* _WORKING DATA_
#####
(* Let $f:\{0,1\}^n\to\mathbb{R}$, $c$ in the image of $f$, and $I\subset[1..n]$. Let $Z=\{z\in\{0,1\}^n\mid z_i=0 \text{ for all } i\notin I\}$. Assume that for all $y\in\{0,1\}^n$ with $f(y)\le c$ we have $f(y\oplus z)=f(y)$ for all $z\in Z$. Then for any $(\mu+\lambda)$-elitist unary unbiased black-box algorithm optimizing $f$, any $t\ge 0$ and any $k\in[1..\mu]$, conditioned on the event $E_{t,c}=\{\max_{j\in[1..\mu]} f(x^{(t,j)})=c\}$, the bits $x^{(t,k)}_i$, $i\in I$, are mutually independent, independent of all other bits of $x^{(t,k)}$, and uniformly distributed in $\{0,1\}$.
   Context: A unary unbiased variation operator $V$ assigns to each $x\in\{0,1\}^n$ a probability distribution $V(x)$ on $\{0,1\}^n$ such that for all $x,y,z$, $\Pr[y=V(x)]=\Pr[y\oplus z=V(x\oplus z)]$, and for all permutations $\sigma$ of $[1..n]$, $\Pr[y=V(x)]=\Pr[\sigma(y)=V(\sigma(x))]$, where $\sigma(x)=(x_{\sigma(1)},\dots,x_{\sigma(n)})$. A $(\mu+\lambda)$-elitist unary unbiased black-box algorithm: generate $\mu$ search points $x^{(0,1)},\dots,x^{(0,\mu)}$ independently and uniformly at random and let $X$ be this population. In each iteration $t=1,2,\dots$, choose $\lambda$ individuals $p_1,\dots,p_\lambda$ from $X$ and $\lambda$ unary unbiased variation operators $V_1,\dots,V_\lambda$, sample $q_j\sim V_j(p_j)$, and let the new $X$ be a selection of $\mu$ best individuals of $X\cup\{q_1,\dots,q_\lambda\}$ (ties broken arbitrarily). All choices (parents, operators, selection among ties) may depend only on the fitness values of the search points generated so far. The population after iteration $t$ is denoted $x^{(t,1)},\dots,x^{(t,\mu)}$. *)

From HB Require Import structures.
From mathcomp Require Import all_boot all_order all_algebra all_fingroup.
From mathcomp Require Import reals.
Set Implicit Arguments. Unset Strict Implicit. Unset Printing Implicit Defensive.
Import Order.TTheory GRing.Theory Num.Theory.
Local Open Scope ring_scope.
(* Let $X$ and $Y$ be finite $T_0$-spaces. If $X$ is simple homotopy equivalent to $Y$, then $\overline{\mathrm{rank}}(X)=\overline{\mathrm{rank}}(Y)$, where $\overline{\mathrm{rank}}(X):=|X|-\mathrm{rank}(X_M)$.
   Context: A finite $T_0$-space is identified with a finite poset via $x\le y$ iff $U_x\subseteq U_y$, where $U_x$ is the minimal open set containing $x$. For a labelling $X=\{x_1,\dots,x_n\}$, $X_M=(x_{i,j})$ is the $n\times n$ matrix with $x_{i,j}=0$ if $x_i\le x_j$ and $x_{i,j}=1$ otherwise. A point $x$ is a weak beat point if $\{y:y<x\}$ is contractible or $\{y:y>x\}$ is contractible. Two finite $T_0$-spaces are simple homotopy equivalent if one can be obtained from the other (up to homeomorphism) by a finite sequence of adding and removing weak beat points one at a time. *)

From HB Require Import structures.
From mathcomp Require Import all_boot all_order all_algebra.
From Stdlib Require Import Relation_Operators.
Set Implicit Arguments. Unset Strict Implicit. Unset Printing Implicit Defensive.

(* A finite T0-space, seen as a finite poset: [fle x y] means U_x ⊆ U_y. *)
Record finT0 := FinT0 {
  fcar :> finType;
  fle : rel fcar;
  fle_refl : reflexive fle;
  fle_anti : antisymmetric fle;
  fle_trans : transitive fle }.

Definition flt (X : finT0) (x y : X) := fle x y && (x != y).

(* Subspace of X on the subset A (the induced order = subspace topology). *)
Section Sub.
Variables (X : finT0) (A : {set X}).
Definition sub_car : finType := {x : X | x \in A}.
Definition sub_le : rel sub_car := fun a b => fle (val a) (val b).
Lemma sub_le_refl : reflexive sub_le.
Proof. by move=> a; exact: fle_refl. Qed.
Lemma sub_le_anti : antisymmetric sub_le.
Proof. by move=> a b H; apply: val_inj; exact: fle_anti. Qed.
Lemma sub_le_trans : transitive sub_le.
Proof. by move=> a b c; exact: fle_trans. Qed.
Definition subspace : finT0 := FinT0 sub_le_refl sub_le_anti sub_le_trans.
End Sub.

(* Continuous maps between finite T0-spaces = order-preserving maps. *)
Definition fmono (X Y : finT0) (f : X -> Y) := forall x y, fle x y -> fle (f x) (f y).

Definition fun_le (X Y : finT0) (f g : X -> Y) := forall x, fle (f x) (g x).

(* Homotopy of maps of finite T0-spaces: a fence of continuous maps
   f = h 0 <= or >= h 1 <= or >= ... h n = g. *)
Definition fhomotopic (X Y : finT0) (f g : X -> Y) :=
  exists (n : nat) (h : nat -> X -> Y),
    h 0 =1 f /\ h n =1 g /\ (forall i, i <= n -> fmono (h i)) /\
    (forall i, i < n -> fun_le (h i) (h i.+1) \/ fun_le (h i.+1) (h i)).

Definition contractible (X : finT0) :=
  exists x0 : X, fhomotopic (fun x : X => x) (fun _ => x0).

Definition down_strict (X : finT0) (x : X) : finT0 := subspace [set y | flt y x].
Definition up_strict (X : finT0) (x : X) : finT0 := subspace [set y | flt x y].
#####
* _EXERCISE_
Using the records above, copy word for word the line with "fle_trans : transitive", the line with "Proof. by move=> a b c;", and every line between them.

* _EXPECTED ANSWER_
  fle_trans : transitive fle }.

Definition flt (X : finT0) (x y : X) := fle x y && (x != y).

(* Subspace of X on the subset A (the induced order = subspace topology). *)
Section Sub.
Variables (X : finT0) (A : {set X}).
Definition sub_car : finType := {x : X | x \in A}.
Definition sub_le : rel sub_car := fun a b => fle (val a) (val b).
Lemma sub_le_refl : reflexive sub_le.
Proof. by move=> a; exact: fle_refl. Qed.
Lemma sub_le_anti : antisymmetric sub_le.
Proof. by move=> a b H; apply: val_inj; exact: fle_anti. Qed.
Lemma sub_le_trans : transitive sub_le.
Proof. by move=> a b c; exact: fle_trans. Qed.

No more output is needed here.